[Start of Attachment]

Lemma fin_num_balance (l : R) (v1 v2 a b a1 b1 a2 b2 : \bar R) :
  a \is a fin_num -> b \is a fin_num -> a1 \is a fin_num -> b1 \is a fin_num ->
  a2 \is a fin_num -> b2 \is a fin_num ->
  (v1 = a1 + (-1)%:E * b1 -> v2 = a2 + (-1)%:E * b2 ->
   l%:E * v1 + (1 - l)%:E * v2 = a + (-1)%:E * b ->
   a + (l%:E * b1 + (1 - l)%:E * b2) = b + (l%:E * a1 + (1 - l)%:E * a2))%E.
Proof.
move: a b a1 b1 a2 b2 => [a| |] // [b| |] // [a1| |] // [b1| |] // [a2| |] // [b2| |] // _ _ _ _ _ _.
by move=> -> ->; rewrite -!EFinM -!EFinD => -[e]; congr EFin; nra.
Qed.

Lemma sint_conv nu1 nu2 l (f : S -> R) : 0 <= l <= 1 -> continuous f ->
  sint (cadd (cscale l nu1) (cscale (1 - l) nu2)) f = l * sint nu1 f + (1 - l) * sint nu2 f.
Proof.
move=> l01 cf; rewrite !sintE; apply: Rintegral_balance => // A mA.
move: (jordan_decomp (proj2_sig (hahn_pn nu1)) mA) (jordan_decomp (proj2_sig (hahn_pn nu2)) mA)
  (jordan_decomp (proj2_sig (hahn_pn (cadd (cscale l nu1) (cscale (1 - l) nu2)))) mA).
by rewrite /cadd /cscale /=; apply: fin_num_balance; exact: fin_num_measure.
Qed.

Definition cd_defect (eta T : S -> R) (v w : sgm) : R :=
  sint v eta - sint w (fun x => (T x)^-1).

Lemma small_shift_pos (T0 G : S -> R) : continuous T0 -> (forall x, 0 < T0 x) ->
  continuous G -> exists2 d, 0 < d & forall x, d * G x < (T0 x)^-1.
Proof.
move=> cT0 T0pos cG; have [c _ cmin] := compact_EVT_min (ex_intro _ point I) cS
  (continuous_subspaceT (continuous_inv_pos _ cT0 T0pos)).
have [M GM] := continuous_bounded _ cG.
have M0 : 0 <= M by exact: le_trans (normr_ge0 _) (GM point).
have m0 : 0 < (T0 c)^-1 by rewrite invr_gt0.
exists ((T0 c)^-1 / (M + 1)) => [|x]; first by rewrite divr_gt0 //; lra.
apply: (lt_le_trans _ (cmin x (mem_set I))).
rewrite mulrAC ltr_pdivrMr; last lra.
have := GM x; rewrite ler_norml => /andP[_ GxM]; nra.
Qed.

[End of Attachment]

Wherever a line in the data above holds "rewrite", copy that line.

by move=> -> ->; rewrite -!EFinM -!EFinD => -[e]; congr EFin; nra.
move=> l01 cf; rewrite !sintE; apply: Rintegral_balance => // A mA.
by rewrite /cadd /cscale /=; apply: fin_num_balance; exact: fin_num_measure.
have m0 : 0 < (T0 c)^-1 by rewrite invr_gt0.
exists ((T0 c)^-1 / (M + 1)) => [|x]; first by rewrite divr_gt0 //; lra.
rewrite mulrAC ltr_pdivrMr; last lra.
have := GM x; rewrite ler_norml => /andP[_ GxM]; nra.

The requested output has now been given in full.